Because these chemical ESR factors only worsen the situation the longer and more loaded the battery runs, some PWM or other intermittent loading scheme may come to mind. If you can track the ESR dynamically and match that, what will eventually happen is the load will increase, reducing the burden on the cell, which allows it to catch its breath, and the ESR will decrease slightly. From there, the ESR-tracking-Load will decrease in turn, allowing for increased power output. And the cycle continues as our tracker forces the battery to oscillate right around an optimal point.
This scheme can probably get skewed too though, it's not what I'm doing. Measuring the ESR of a battery typically requires disconnecting it, at least for a few seconds, and it can be fairly complicated, involving sending pulses into the battery to measure its impedance and other cool analog kickflips.
#### What I'm actually doing
I'm using a combo of all the chips involved to create a control loop set to maximize the average power output of the battery.
The LTC3105 Boost chip has an MPPC pin. This MPPC pin acts as a 10µA current source. The user places a resistor between this pin and ground in order to generate a voltage based on the value of the resistor. The LTC3105 then reads that voltage and throttles the main inductor's switching patterns in order to ensure that its input voltage matches the voltage seen at the MPPC pin.
So now we're producing the ESR formula a bit backwards. We know the unloaded cell voltage, and we are essentially manually selecting the loaded cell voltage by setting the MPPC resistor.
```
Unloaded Cell: 1.5V
MPPC Resistor: 100kΩ
MPPC Voltage:
10µA x 100kΩ = 1.0V
ESR Calculation:
1.5V -> 1.0V means 0.5V drop,
produces 400mA current into the LTC3105,
thus ESR is 0.5/0.4 = 1.25Ω
```
This works fine, but as the cell decays, the loaded cell voltage remains static. If we were matching ESR as described above, we'd see a loaded cell voltage of exactly 50% the unloaded cell voltage across the entire range as it depletes from 1.5V.
Now, we run into a different asymptote, where eventually the cell will reach 1.0V unloaded, and the boost chip will still be set to 1.0V loaded. No voltage drop means no current flow, and the water wheel stops turning.
So what we really need to do is make this MPPC voltage adjustable.
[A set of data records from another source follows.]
Lemma lpevalN x p : lpeval x (lpopp p) = - lpeval x p.
Proof. by elim: p => [|a p IHp] /=; rewrite ?oppr0 // IHp eN; ring. Qed.

Lemma lpevalB x p q : lpeval x (lpsub p q) = lpeval x p - lpeval x q.
Proof. by rewrite lpevalD lpevalN. Qed.

Lemma lpevalM x p q : lpeval x (lpmul p q) = lpeval x p * lpeval x q.
Proof.
elim: p => [|a p IHp] /=; first by rewrite mul0r.
by rewrite lpevalD lpevalZ /= IHp e0; ring.
Qed.

Lemma lpeval_comp_sqr x p : lpeval x (lpcomp_sqr p) = lpeval (x ^+ 2) p.
Proof. by elim: p => [|a p IHp] //=; rewrite IHp e0; ring. Qed.

Lemma lpeval_comp_opp x p : lpeval x (lpcomp_opp p) = lpeval (- x) p.
Proof. by elim: p => [|a p IHp] //=; rewrite lpevalN IHp; ring. Qed.

Lemma lpeval_all0 (is0 : pred A) x p :
  (forall a, is0 a -> e a = 0) -> all is0 p -> lpeval x p = 0.
Proof.
move=> e_is0; elim: p => [|a p IHp] //= /andP[/e_is0 -> /IHp ->]; ring.
Qed.

End ListPolynomial.

Lemma lpeval_map (A B : Type) (R : comPzRingType) (f : A -> B) (e : B -> R) (e' : A -> R) x p :
  (forall a, e (f a) = e' a) -> lpeval e x (map f p) = lpeval e' x p.
Proof. by move=> efe'; elim: p => [|a p IHp] //=; rewrite IHp efe'. Qed.

Definition zpoly := seq Z.

Definition zp_add : zpoly -> zpoly -> zpoly := lpadd Z.add.
Definition zp_opp : zpoly -> zpoly := lpopp Z.opp.
Definition zp_sub : zpoly -> zpoly -> zpoly := lpsub Z.add Z.opp.
Definition zp_mul : zpoly -> zpoly -> zpoly := lpmul Z.add Z.mul Z0.
Definition zp_expn (n : nat) (p : zpoly) : zpoly := iter n (zp_mul p) [:: Z.one].
Definition zp_comp_sqr : zpoly -> zpoly := lpcomp_sqr Z0.
Definition zp_comp_opp : zpoly -> zpoly := lpcomp_opp Z.opp.

(* Bivariate polynomials in (x, y), as polynomials in y over Z[x]. *)
Definition zp2_add : seq zpoly -> seq zpoly -> seq zpoly := lpadd zp_add.
Definition zp2_sub : seq zpoly -> seq zpoly -> seq zpoly := lpsub zp_add zp_opp.
Definition zp2_mul : seq zpoly -> seq zpoly -> seq zpoly := lpmul zp_add zp_mul [::].
Definition zp2_comp_sqr (P : seq zpoly) : seq zpoly := lpcomp_sqr [::] (map zp_comp_sqr P).
Definition zp2_comp_oppsqr (P : seq zpoly) : seq zpoly :=
  lpcomp_sqr [::] (map (zp_comp_sqr \o zp_comp_opp) P).
Definition zp2_comp_opp (P : seq zpoly) : seq zpoly := map zp_comp_opp P.

Section Evaluation.
Variable R : comPzRingType.

Definition zintr (c : Z) : R := (int_of_Z c)%:~R.

Lemma zintrD a b : zintr (Z.add a b) = zintr a + zintr b.
Proof. by rewrite /zintr -intrD -rmorphD. Qed.
Lemma zintrM a b : zintr (Z.mul a b) = zintr a * zintr b.
Proof. by rewrite /zintr -intrM -rmorphM. Qed.
Lemma zintrN a : zintr (Z.opp a) = - zintr a.
Proof. by rewrite /zintr -intrN -rmorphN. Qed.
Lemma zintr0 : zintr Z0 = 0. Proof. by []. Qed.
Lemma zintr1 : zintr Z.one = 1. Proof. by []. Qed.
Lemma zintrN1 : zintr (Zneg xH) = -1. Proof. by []. Qed.
Lemma zintr_pos p : zintr (Zpos p) = (Pos.to_nat p)%:R.
Proof. by rewrite /zintr /= pmulrn. Qed.
Lemma zintr_neg p : zintr (Zneg p) = - (Pos.to_nat p)%:R.
Proof. by rewrite -[Zneg p]/(Z.opp (Zpos p)) zintrN zintr_pos. Qed.

Definition zp_eval (x : R) : zpoly -> R := lpeval zintr x.
Definition zp2_eval (x y : R) : seq zpoly -> R := lpeval (zp_eval x) y.

Lemma zp_evalD x p q : zp_eval x (zp_add p q) = zp_eval x p + zp_eval x q.
Proof. exact: (lpevalD zintrD). Qed.
Lemma zp_evalN x p : zp_eval x (zp_opp p) = - zp_eval x p.
Proof. exact: (lpevalN zintrN). Qed.
Lemma zp_evalB x p q : zp_eval x (zp_sub p q) = zp_eval x p - zp_eval x q.
Proof. exact: (lpevalB zintrD zintrN). Qed.
Lemma zp_evalM x p q : zp_eval x (zp_mul p q) = zp_eval x p * zp_eval x q.
Proof. exact: (lpevalM zintrD zintrM zintr0). Qed.
Lemma zp_evalX x n p : zp_eval x (zp_expn n p) = zp_eval x p ^+ n.
Proof.
elim: n => [|n IHn]; first by rewrite /zp_eval /= mulr0 addr0 expr0.
by rewrite /zp_expn iterS zp_evalM -/(zp_expn n p) IHn exprS.
Qed.
Lemma zp_eval_comp_sqr x p : zp_eval x (zp_comp_sqr p) = zp_eval (x ^+ 2) p.
Proof. exact: (lpeval_comp_sqr zintr0). Qed.
Lemma zp_eval_comp_opp x p : zp_eval x (zp_comp_opp p) = zp_eval (- x) p.
Proof. exact: (lpeval_comp_opp zintrN). Qed.

Lemma zp2_evalD x y P Q : zp2_eval x y (zp2_add P Q) = zp2_eval x y P + zp2_eval x y Q.
Proof. exact: (lpevalD (zp_evalD x)). Qed.
Lemma zp2_evalB x y P Q : zp2_eval x y (zp2_sub P Q) = zp2_eval x y P - zp2_eval x y Q.
Proof. exact: (lpevalB (zp_evalD x) (zp_evalN x)). Qed.
Lemma zp2_evalM x y P Q : zp2_eval x y (zp2_mul P Q) = zp2_eval x y P * zp2_eval x y Q.
Proof. exact: (lpevalM (zp_evalD x) (zp_evalM x) (erefl : zp_eval x [::] = 0)). Qed.

Lemma zp2_eval_comp_sqr x y P : zp2_eval x y (zp2_comp_sqr P) = zp2_eval (x ^+ 2) (y ^+ 2) P.
Proof.
rewrite /zp2_eval (lpeval_comp_sqr (erefl : zp_eval x [::] = 0)).
exact/lpeval_map/zp_eval_comp_sqr.
Qed.
Lemma zp2_eval_comp_oppsqr x y P :
  zp2_eval x y (zp2_comp_oppsqr P) = zp2_eval (- x ^+ 2) (y ^+ 2) P.
Proof.
rewrite /zp2_eval (lpeval_comp_sqr (erefl : zp_eval x [::] = 0)).
by apply: lpeval_map => c; rewrite /= zp_eval_comp_sqr zp_eval_comp_opp.
Qed.
Lemma zp2_eval_comp_opp x y P : zp2_eval x y (zp2_comp_opp P) = zp2_eval (- x) y P.
Proof. exact/lpeval_map/zp_eval_comp_opp. Qed.

End Evaluation.

Definition cofactor (k a c : nat) : zpoly :=
  zp_mul (zp_expn k [:: Z0; Z.one])
    (zp_mul (zp_expn a [:: Z.opp Z.one; Z.one]) (zp_expn c [:: Z.one; Z.one])).

Lemma zp_eval_cofactor (R : comPzRingType) (x : R) k a c :
  zp_eval x (cofactor k a c) = x ^+ k * ((x - 1) ^+ a * (x + 1) ^+ c).
Proof.
rewrite !zp_evalM !zp_evalX /zp_eval /= zintr0 zintr1 zintrN1 !mulr0 !addr0 mulr1 add0r.
by rewrite (addrC (-1)) (addrC 1).
Qed.

Definition elim_identity (P Q U V : seq zpoly) (k a c : nat) (S : zpoly) : bool :=
  all (all (Z.eqb Z0))
    (zp2_sub (zp2_add (zp2_mul U P) (zp2_mul V Q)) [:: zp_mul (cofactor k a c) S]).

Lemma elim_identity_root (R : idomainType) P Q U V k a c S (x y : R) :
  elim_identity P Q U V k a c S -> zp2_eval x y P = 0 -> zp2_eval x y Q = 0 ->
  [&& x != 0, x != 1 & x != -1] -> zp_eval x S = 0.
Proof.
move=> elimPQ Px Qx /and3P[x_neq0 x_neq1 x_neqN1].
have cofactor_neq0 : zp_eval x (cofactor k a c) != 0.
  rewrite zp_eval_cofactor !mulf_neq0 ?expf_neq0 //.
    by rewrite subr_eq0.
  by rewrite -(opprK 1) subr_eq0.
have : zp2_eval x y (zp2_sub (zp2_add (zp2_mul U P) (zp2_mul V Q))
                  [:: zp_mul (cofactor k a c) S]) = 0.
  apply: lpeval_all0 elimPQ => p p0; apply: lpeval_all0 p0 => c0 /Z.eqb_eq <-.
  exact: zintr0.
rewrite zp2_evalB zp2_evalD !zp2_evalM Px Qx !mulr0 add0r /zp2_eval /= mulr0 addr0.
rewrite sub0r => /eqP; rewrite oppr_eq0 zp_evalM mulf_eq0 (negbTE cofactor_neq0).
by move/eqP.
Qed.

Lemma Aint_intrV (n : int) : n != 0 -> (n%:~R : algC)^-1 \in Aint -> `|n|%N = 1%N.
Proof.
move=> n_neq0 /Cint_rat_Aint; rewrite rpredV rpred_int => /(_ isT) /intrP[m em].
have /eqP : (n * m)%:~R = 1%:~R :> algC by rewrite intrM -em divff // intr_eq0.
rewrite eqr_int => /eqP nm1.
by apply/eqP; rewrite -dvdz1; apply/dvdzP; exists m; rewrite mulrC nm1.
Qed.

Definition zp_dvd (d : Z) (p : zpoly) : bool := all (fun c => Z.eqb (Z.modulo c d) Z0) p.

Lemma zp_eval_dvd (R : comPzRingType) (x : R) d p :
  zp_dvd d p -> zp_eval x p = zintr R d * zp_eval x (map (Z.div ^~ d) p).
Proof.
elim: p => [|c p IHp] /=; first by rewrite /zp_eval /= mulr0.
move=> /andP[/Z.eqb_eq c_mod /IHp]; rewrite /zp_eval /= => ->.
rewrite {1}(Z_div_mod_eq_full c d) c_mod Z.add_0_r zintrM; ring.
Qed.

Lemma zp_eval_Aint (x : algC) p : x \in Aint -> zp_eval x p \in Aint.
Proof.
move=> x_Aint; elim: p => [|c p IHp]; first exact: Aint0.
by rewrite /zp_eval /= rpredD ?rpredM ?Aint_int.
Qed.

Definition coprime_mod (d : Z) (S1 S2 U V : zpoly) : bool :=
  zp_dvd d (zp_sub (zp_add (zp_mul U S1) (zp_mul V S2)) [:: Z.one]).

Lemma coprime_mod_no_common_root d S1 S2 U V (x : algC) :
  (1 < Z.abs_nat d)%N -> coprime_mod d S1 S2 U V -> x \in Aint ->
  zp_eval x S1 = 0 -> zp_eval x S2 = 0 -> False.
Proof.
move=> d_gt1 /(zp_eval_dvd x); rewrite zp_evalB zp_evalD !zp_evalM => + x_Aint S1x S2x.
rewrite S1x S2x !mulr0 add0r /zp_eval /= mulr0 addr0 zintr1 -/(zp_eval x _).
set w := zp_eval x _ => dw.
have d_neq0 : int_of_Z d != 0 by apply/eqP => d0; move: d_gt1; rewrite -[d]int_of_ZK d0.
suff : `|int_of_Z d|%N = 1%N by lia.
apply: Aint_intrV => //.
have -> : (int_of_Z d)%:~R^-1 = - w :> algC.
  apply: (mulfI (_ : (int_of_Z d)%:~R != 0)); first by rewrite intr_eq0.
  by rewrite divff ?intr_eq0 // mulrN -[_ * w]/(zintr _ d * w) -dw sub0r opprK.
by rewrite rpredN zp_eval_Aint.
Qed.

Lemma coprime_addn_double m j : odd (m + j) -> coprime j m -> coprime (m + j) (2 * m).
Proof.
move=> odd_mj co_jm; rewrite coprimeMr coprimen2 odd_mj coprime_sym.
by rewrite /coprime gcdnDl -/(coprime m j) coprime_sym.
Qed.

Section PrimitiveRoots.
Variable R : idomainType.

Lemma prim_root_half_expr m (z : R) : (2 * m).-primitive_root z -> z ^+ m = -1.
Proof.
move=> prim_z; have m_gt0 : (0 < m)%N by have := prim_order_gt0 prim_z; lia.
have : (z ^+ m) ^+ 2 = 1 by rewrite -exprM mulnC prim_expr_order.
move/eqP; rewrite sqrf_eq1 => /orP[|/eqP //].
by rewrite -(prim_order_dvd prim_z) => /dvdn_leq; lia.
Qed.

Lemma prim_root_sqr n (z : R) : odd n -> n.-primitive_root z -> n.-primitive_root (z ^+ 2).
Proof. by move=> odd_n prim_z; rewrite prim_root_exp_coprime // coprime2n. Qed.

Lemma prim_root_opp_sqr m (z : R) :
  odd m -> (2 * m).-primitive_root z -> (2 * m).-primitive_root (- z ^+ 2).
Proof.
move=> odd_m prim_z; rewrite -mulN1r -(prim_root_half_expr prim_z) -exprD.
by rewrite prim_root_exp_coprime // coprime_addn_double ?oddD ?odd_m ?coprime2n.
Qed.

Lemma prim_root_opp m (z : R) :
  ~~ odd m -> (2 * m).-primitive_root z -> (2 * m).-primitive_root (- z).
Proof.
move=> even_m prim_z; rewrite -mulN1r -(prim_root_half_expr prim_z) -{2}(expr1 z) -exprD.
by rewrite prim_root_exp_coprime // coprime_addn_double ?oddD ?(negbTE even_m) ?coprime1n.
Qed.

Lemma prim_root_nondegenerate n (z : R) : (2 < n)%N ->
  n.-primitive_root z -> [&& z != 0, z != 1 & z != -1].
Proof.
move=> n_gt2 prim_z; apply/and3P; split.
- by rewrite (prim_root_eq0 prim_z); lia.
- apply: contraTneq n_gt2 => z1.
  by have := prim_order_dvd prim_z 1; rewrite z1 expr1n eqxx dvdn1 => /eqP ->.
- apply: contraTneq n_gt2 => zN1.
  have := prim_order_dvd prim_z 2; rewrite zN1 sqrrN expr1n eqxx => /dvdn_leq.
  by move=> /(_ isT); rewrite -leqNgt.
Qed.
And the way to do that is to add a digital pot across the MPPC pin so we can arbitrarily modulate the resistance, and thus the voltage setpoint.
All we really need for a control loop is a sensor and an actuator. As long as there's some coupling between them, simple algorithms can figure out the rest for us. So we run the energy leaving the battery and entering the boost chip across a shunt meter and get a power reading. Then we hand that to the MCU and tell it to wiggle the digital pot around until it finds the top and stay there. That's all that's going on here. But it manages to deliver superior performance to my bench DC Electronic Load, which is static. I was able to get 400-500mW max out of a fresh AA with the bench load.
With the Joule Thief board, I was able to achieve 600-700mW, sometimes upwards of 900-1100mW.
In this case, our control loop is running around 10-100Hz, which is far greater than the time constant of these batteries. The result is the Joule Thief can maintain 70-80% extraction efficiency while pulling energy out of the battery as aggressively as possible, faster than the chemistry can react. I don't know what's going on inside the chemistry of the battery to prevent the ESR buildup I was seeing on static load tests. The responsive and dynamic throttling of the effective load seen by the battery allows it to consistently push higher power outputs indefinitely, where static loads would eventually "fatigue" the cell and it would reach a variety of failure conditions such as outputting 50mV,1A (aka Crashing Out).
Overall, this isn't really that clever of a solution. I developed an understanding and intuitive feel for what limitations alkaline cells have based on their chemistry, but this schema doesn't require any of that knowledge.
It's very simple: find the power throttle, then strap a sensor & MCU to it and tell Claude to make it work better.